Helmut Stieger ist im Lindenhof Restaurantleiter, Sommelier – und Wanderführer. Mit Schrecken erinnert er sich an die Tour mit einem jungen Ungarn hoch zur Veneziaspitze im Martelltal. Sie hat ihn geprägt – und ihn im Umgang mit Gästen noch verantwortungsvoller gemacht.

Hoch oben, kurz vor der Veneziaspitze, habe ich die falsche

Entscheidung getroffen. Wir hatten bis dahin schon viel mehr Zeit gebraucht, als ich geplant hatte. Ich sah meinen erschöpften Begleiter, ich sah, wie das Unwetter, das für den späten Nachmittag prognostiziert worden war, immer näher rückte. Ich sah – nur einen Ausweg: Wir mussten schnell nach unten kommen. So schnell wie möglich. Aber: nie wieder werde ich mich, wenn ich nicht allein bin, für eine Strecke entscheiden, die ich nicht kenne. Das verspreche ich. Großes Ehrenwort.

Zu meiner Entschuldigung muss man sagen: ich war jung. Damals. Und Laszlo auch. Laszlo kam aus Ungarn und hatte von Anfang an nur ein Ziel: Er wollte hoch auf die Gipfel. So wie Reinhold Messner. Alles, was er über unseren Südtiroler Bergsteigerkönig zu lesen oder zu sehen bekam, trichterte er sich ein. Er arbeitete in der Küche. Aber Messner war sein Vorbild. Er wollte Bergsteiger werden, das war sein Traum schon in der Heimat. Und als er die Berge in Südtirol sah, ist er vielleicht sogar zum Albtraum geworden. Er kaufte sich die teuerste und modernste Ausrüstung mit allem, was dazu gehört. Er übte, kalte Nächte im Thermozelt zu verbringen.

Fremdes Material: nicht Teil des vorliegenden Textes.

(* Let $\alpha>1$, $M>0$, $c_0>0$, $T>0$, and $c=\alpha^{-1/(\alpha-1)}$. Define for $0\le t<T$, $\rho\ge0$, $$\underline m(t,\rho)=\begin{cases}0,& \rho<c_0-\alpha^{1/\alpha}M(T-t)^{1/\alpha},\\ \Big(M^{\frac\alpha{\alpha-1}}-c\,\dfrac{(c_0-\rho)^{\frac\alpha{\alpha-1}}}{(T-t)^{\frac1{\alpha-1}}}\Big)^{\frac{\alpha-1}\alpha}, & c_0-\alpha^{1/\alpha}M(T-t)^{1/\alpha}\le\rho<c_0,\\ M,&\rho\ge c_0.\end{cases}$$ Then $\underline m$ is continuous and satisfies the viscosity subsolution inequality $p_1+(p_2)_+^\alpha\,\underline m(t,\rho)\le0$ for all $(t,\rho)\in(0,T)\times(0,\infty)$ and all $(p_1,p_2)\in D^+\underline m(t,\rho)$.
   Context: Fréchet superdifferential: $D^+f(x)=\{p\in\mathbb R^n:\limsup_{y\to x}\frac{f(y)-f(x)-p\cdot(y-x)}{|y-x|}\le0\}$. The equation is the mass equation $m_t+m(m_\rho)_+^\alpha=0$ for radial solutions in a volume variable $\rho$. *)

From Stdlib Require Import Reals Lra.
Open Scope R_scope.

(* Real power x^y for x >= 0, with the convention 0^y = 0 (correct for y > 0).
   Stdlib's Rpower 0 y = exp (y * ln 0) = 1, so we guard it. *)
Definition rpow (x y : R) : R := if Rlt_dec 0 x then Rpower x y else 0.

Definition pos_part (x : R) : R := Rmax x 0.

Definition dist2 (t rho s r : R) : R := sqrt ((s - t)^2 + (r - rho)^2).

Definition cst (alpha : R) : R := rpow alpha (- (1 / (alpha - 1))).

Definition mlow (alpha M c0 T : R) (t rho : R) : R :=
  if Rlt_dec rho (c0 - rpow alpha (1 / alpha) * M * rpow (T - t) (1 / alpha)) then 0
  else if Rlt_dec rho c0 then
    rpow (rpow M (alpha / (alpha - 1))
          - cst alpha * rpow (c0 - rho) (alpha / (alpha - 1)) / rpow (T - t) (1 / (alpha - 1)))
         ((alpha - 1) / alpha)
  else M.

(* Frechet superdifferential of f : R^2 -> R at (t, rho):
   limsup_{y -> x} (f y - f x - p.(y - x)) / |y - x| <= 0, unfolded. *)
Definition superdiff (f : R -> R -> R) (t rho p1 p2 : R) : Prop :=
  forall eps, 0 < eps -> exists delta, 0 < delta /\
    forall s r, 0 < dist2 t rho s r < delta ->
      f s r - f t rho - (p1 * (s - t) + p2 * (r - rho)) <= eps * dist2 t rho s r.

Definition continuous_on2 (D : R -> R -> Prop) (f : R -> R -> R) : Prop :=
  forall t rho, D t rho -> forall eps, 0 < eps -> exists delta, 0 < delta /\
    forall s r, D s r -> dist2 t rho s r < delta -> Rabs (f s r - f t rho) < eps.

(* For t < T all three branches of mlow are one formula
     mbar = (M^(a/(a-1)) - c (c0 - rho)_+^(a/(a-1)) / (T-t)^(1/(a-1)))_+^((a-1)/a),
   because the inner quantity factors as  c/(T-t)^(1/(a-1)) * (front^(a/(a-1)) -
   (c0-rho)_+^(a/(a-1)))  with front = a^(1/a) M (T-t)^(1/a).  Continuity follows
   since mbar is a composition of continuous maps.

   For the subsolution inequality, each component of a Frechet superdifferential
   is a super-slope of the corresponding partial map, and a super-slope is bounded
   above by the upper left Dini derivative.  We compute that bound in the three
   regions: rho >= c0 (mbar = M, flat from the left even at rho = c0, so p1, p2 <= 0);
   c0 - rho >= front (mbar = 0 <= mbar nearby, so p1 <= 0); and the smooth region,
   where p1, p2 are bounded by the partial derivatives, which satisfy the equation
   with equality (this uses c^(a-1) = 1/a).  Finally the superdifferential of mlow
   is that of mbar, the two functions agreeing near any point with t < T. *)

From Stdlib Require Import Reals Lra.
From Coquelicot Require Import Coquelicot.
Open Scope R_scope.

Lemma rpow_pos x y : 0 < x -> rpow x y = Rpower x y.
Proof. intros Hx; unfold rpow; destruct (Rlt_dec 0 x); [reflexivity | lra]. Qed.

Lemma rpow_nonpos x y : x <= 0 -> rpow x y = 0.
Proof. intros Hx; unfold rpow; destruct (Rlt_dec 0 x); [lra | reflexivity]. Qed.

Lemma Rpower_pos x y : 0 < Rpower x y.
Proof. apply exp_pos. Qed.

Lemma rpow_ge0 x y : 0 <= rpow x y.
Proof. unfold rpow; destruct (Rlt_dec 0 x); [left; apply Rpower_pos | lra]. Qed.

(* For a positive exponent, z |-> z^y (extended by 0 on z <= 0) is continuous
   everywhere; at points x <= 0 this is the estimate z^y < eps for z < eps^(1/y). *)
Lemma rpow_continuous y x : 0 < y -> continuous (fun z => rpow z y) x.
Proof.
  intros Hy.
  destruct (Rlt_le_dec 0 x) as [Hx | Hx].
  - apply continuous_ext_loc with (fun z => exp (y * ln z)).
    + exists (mkposreal x Hx); intros z Hz.
      change (Rabs (z - x) < x) in Hz; apply Rabs_def2 in Hz.
      rewrite rpow_pos by lra; reflexivity.
    + apply continuous_exp_comp, (continuous_scal_r y ln), continuous_ln; exact Hx.
  - apply filterlim_locally; intros eps.
    rewrite (rpow_nonpos x y Hx).
    exists (mkposreal _ (Rpower_pos eps (/ y))); intros z Hz.
    change (Rabs (z - x) < Rpower eps (/ y)) in Hz; apply Rabs_def2 in Hz.
    change (Rabs (rpow z y - 0) < eps); rewrite Rminus_0_r.
    destruct (Rlt_le_dec 0 z) as [Hz0 | Hz0].
    + rewrite rpow_pos, Rabs_pos_eq by (auto; left; apply Rpower_pos).
      replace (pos eps) with (Rpower (Rpower eps (/ y)) y).
      * apply Rlt_Rpower_l; lra.
      * rewrite Rpower_mult, Rinv_l, Rpower_1 by (try apply cond_pos; lra); reflexivity.
    + rewrite rpow_nonpos, Rabs_R0 by exact Hz0; apply cond_pos.
Qed.
Definition inner (a M tau w : R) : R :=
  rpow M (a / (a - 1)) - cst a * rpow w (a / (a - 1)) / rpow tau (1 / (a - 1)).

Definition mbar (a M c0 T t rho : R) : R :=
  rpow (inner a M (T - t) (c0 - rho)) ((a - 1) / a).

(* Width of the transition layer at remaining time tau: the middle branch
   lives on c0 - front < rho < c0. *)
Definition front (a M tau : R) : R := Rpower a (1 / a) * M * Rpower tau (1 / a).

Lemma cst_pos a : 1 < a -> 0 < cst a.
Proof. intros Ha; unfold cst; rewrite rpow_pos by lra; apply Rpower_pos. Qed.

Lemma front_pos a M tau : 0 < M -> 0 < front a M tau.
Proof.
  intros HM; unfold front.
  apply Rmult_lt_0_compat; [apply Rmult_lt_0_compat|]; auto; apply Rpower_pos.
Qed.

(* c (a^(1/a) M tau^(1/a))^(a/(a-1)) / tau^(1/(a-1)) = M^(a/(a-1)):
   the front is exactly where the inner quantity vanishes. *)
Lemma front_identity a M tau : 1 < a -> 0 < M -> 0 < tau ->
  cst a * Rpower (front a M tau) (a / (a - 1)) / Rpower tau (1 / (a - 1))
  = Rpower M (a / (a - 1)).
Proof.
  intros Ha HM Ht; unfold cst, front; rewrite rpow_pos by lra.
  unfold Rpower at 1 2 5.
  rewrite !ln_mult by (try apply Rmult_lt_0_compat; auto; apply Rpower_pos).
  unfold Rpower; rewrite !ln_exp.
  unfold Rdiv; rewrite <- exp_Ropp, <- !exp_plus.
  f_equal; field; lra.
Qed.

Lemma inner_factor a M tau w : 1 < a -> 0 < M -> 0 < tau ->
  inner a M tau w = cst a / Rpower tau (1 / (a - 1))
    * (Rpower (front a M tau) (a / (a - 1)) - rpow w (a / (a - 1))).
Proof.
  intros Ha HM Ht; unfold inner.
  rewrite (rpow_pos M), (rpow_pos tau), <- (front_identity a M tau) by lra.
  field; apply Rgt_not_eq, Rpower_pos.
Qed.

Lemma inner_pos a M tau w : 1 < a -> 0 < M -> 0 < tau ->
  w < front a M tau -> 0 < inner a M tau w.
Proof.
  intros Ha HM Ht Hw; rewrite inner_factor by auto.
  assert (Hb : 0 < a / (a - 1)) by (apply Rdiv_lt_0_compat; lra).
  apply Rmult_lt_0_compat; [apply Rdiv_lt_0_compat; [apply cst_pos | apply Rpower_pos]; lra|].
  destruct (Rlt_le_dec 0 w).
  - rewrite rpow_pos by lra.
    assert (Rpower w (a / (a - 1)) < Rpower (front a M tau) (a / (a - 1)))
      by (apply Rlt_Rpower_l; lra); lra.
  - rewrite rpow_nonpos by lra; rewrite Rminus_0_r; apply Rpower_pos.
Qed.

Lemma inner_nonpos a M tau w : 1 < a -> 0 < M -> 0 < tau ->
  front a M tau <= w -> inner a M tau w <= 0.
Proof.
  intros Ha HM Ht Hw; rewrite inner_factor by auto.
  assert (Hf := front_pos a M tau HM).
  rewrite rpow_pos by lra.
  assert (Rpower (front a M tau) (a / (a - 1)) <= Rpower w (a / (a - 1)))
    by (apply Rle_Rpower_l; [left; apply Rdiv_lt_0_compat|]; lra).
  apply Rmult_le_0_l; [|lra].
  left; apply Rdiv_lt_0_compat; [apply cst_pos | apply Rpower_pos]; lra.
Qed.

Lemma mbar_M a M c0 T t rho : 1 < a -> 0 < M -> c0 <= rho -> mbar a M c0 T t rho = M.
Proof.
  intros Ha HM Hr; unfold mbar, inner.
  rewrite (rpow_nonpos (c0 - rho)), (rpow_pos M) by lra.
  unfold Rdiv at 2; rewrite Rmult_0_r, Rmult_0_l, Rminus_0_r.
  rewrite rpow_pos, Rpower_mult by apply Rpower_pos.
  replace (a / (a - 1) * ((a - 1) / a)) with 1 by (field; lra).
  apply Rpower_1; lra.
Qed.

Lemma mlow_mbar a M c0 T t rho : 1 < a -> 0 < M -> t < T ->
  mlow a M c0 T t rho = mbar a M c0 T t rho.
Proof.
  intros Ha HM Ht; unfold mlow.
  destruct (Rlt_dec rho _) as [H1 | H1].
  - rewrite (rpow_pos (T - t)), (rpow_pos a) in H1 by lra.
    unfold mbar; rewrite rpow_nonpos; [reflexivity|].
    apply inner_nonpos; unfold front; lra.
  - destruct (Rlt_dec rho c0); [reflexivity|].
    symmetry; apply mbar_M; lra.
Qed.

(* mbar is jointly continuous at every point with t < T: it is built from
   continuous operations, the only division being by tau^(1/(a-1)) > 0. *)
Lemma mbar_continuous a M c0 T t rho : 1 < a -> t < T ->
  continuous (fun p : R * R => mbar a M c0 T (fst p) (snd p)) (t, rho).
Proof.
  intros Ha Ht; unfold mbar, inner.
  assert (Hb : 0 < a / (a - 1)) by (apply Rdiv_lt_0_compat; lra).
  apply continuous_comp with (g := fun z => rpow z ((a - 1) / a)).
  2: apply rpow_continuous, Rdiv_lt_0_compat; lra.
  apply (continuous_minus (fun _ : R * R => rpow M (a / (a - 1)))); [apply continuous_const|].
  apply (continuous_mult (fun p : R * R => cst a * rpow (c0 - snd p) (a / (a - 1)))).
  - apply (continuous_mult (fun _ : R * R => cst a)); [apply continuous_const|].
    apply continuous_comp with (g := fun z => rpow z (a / (a - 1))).
    + apply (continuous_minus (fun _ : R * R => c0) snd);
        [apply continuous_const | apply continuous_snd].
    + apply rpow_continuous; exact Hb.
  - apply continuous_comp with (g := fun z => / rpow z (1 / (a - 1))).
    + apply (continuous_minus (fun _ : R * R => T) fst);
        [apply continuous_const | apply continuous_fst].
    + apply continuous_Rinv_comp; [apply rpow_continuous, Rdiv_lt_0_compat; lra|].
      simpl; rewrite rpow_pos by lra; apply Rgt_not_eq, Rpower_pos.
Qed.

Lemma dist2_ge_t t rho s r : Rabs (s - t) <= dist2 t rho s r.
Proof.
  unfold dist2; rewrite <- sqrt_Rsqr_abs; apply sqrt_le_1_alt.
  assert (0 <= (r - rho) ^ 2) by apply pow2_ge_0.
  unfold Rsqr; simpl in *; lra.
Qed.

Lemma dist2_ge_rho t rho s r : Rabs (r - rho) <= dist2 t rho s r.
Proof.
  unfold dist2; rewrite <- sqrt_Rsqr_abs; apply sqrt_le_1_alt.
  assert (0 <= (s - t) ^ 2) by apply pow2_ge_0.
  unfold Rsqr; simpl in *; lra.
Qed.

Lemma mlow_continuous a M c0 T : 1 < a -> 0 < M ->
  continuous_on2 (fun t rho => 0 <= t < T /\ 0 <= rho) (mlow a M c0 T).
Proof.
  intros Ha HM t rho [[_ Ht] _] eps Heps.
  destruct (proj1 (filterlim_locally _ _) (mbar_continuous a M c0 T t rho Ha Ht)
              (mkposreal eps Heps)) as [e He].
  exists e; split; [apply cond_pos|].
  intros s r [[_ Hs] _] Hd.
  rewrite !mlow_mbar by auto.
  apply (He (s, r)); split.
  - change (Rabs (s - t) < e); eapply Rle_lt_trans; [apply dist2_ge_t | exact Hd].
  - change (Rabs (r - rho) < e); eapply Rle_lt_trans; [apply dist2_ge_rho | exact Hd].
Qed.

Definition superslope (F : R -> R) (x p : R) : Prop :=
  forall eps, 0 < eps -> exists delta, 0 < delta /\
    forall h, 0 < Rabs h < delta -> F (x + h) - F x - p * h <= eps * Rabs h.

Definition left_dini_le (F : R -> R) (x d : R) : Prop :=
  forall eps, 0 < eps -> exists delta, 0 < delta /\
    forall h, - delta < h < 0 -> (d + eps) * h <= F (x + h) - F x.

Weil ich glaubte, dass er wirklich zum Bergsteiger berufen war und entsprechende Kondition voraussetzte, ließ ich mich von ihm überreden. Ich nahm ihn mit auf eine Tour ins Martelltal. Marteller Hütte, die drei Spitzen am Marteller Hauptkamm

und der Abstieg über die Vordere Rotspitze. Der Wetterbericht sagte zwar für den späten Nachmittag ein Unwetter voraus, aber wir starteten in aller Herrgottsfrühe. Viel mehr als sieben Stunden, so war mein Plan, sind wir nicht unterwegs. Allein schaffe ich die Gipfelwanderung locker in sechs Stunden.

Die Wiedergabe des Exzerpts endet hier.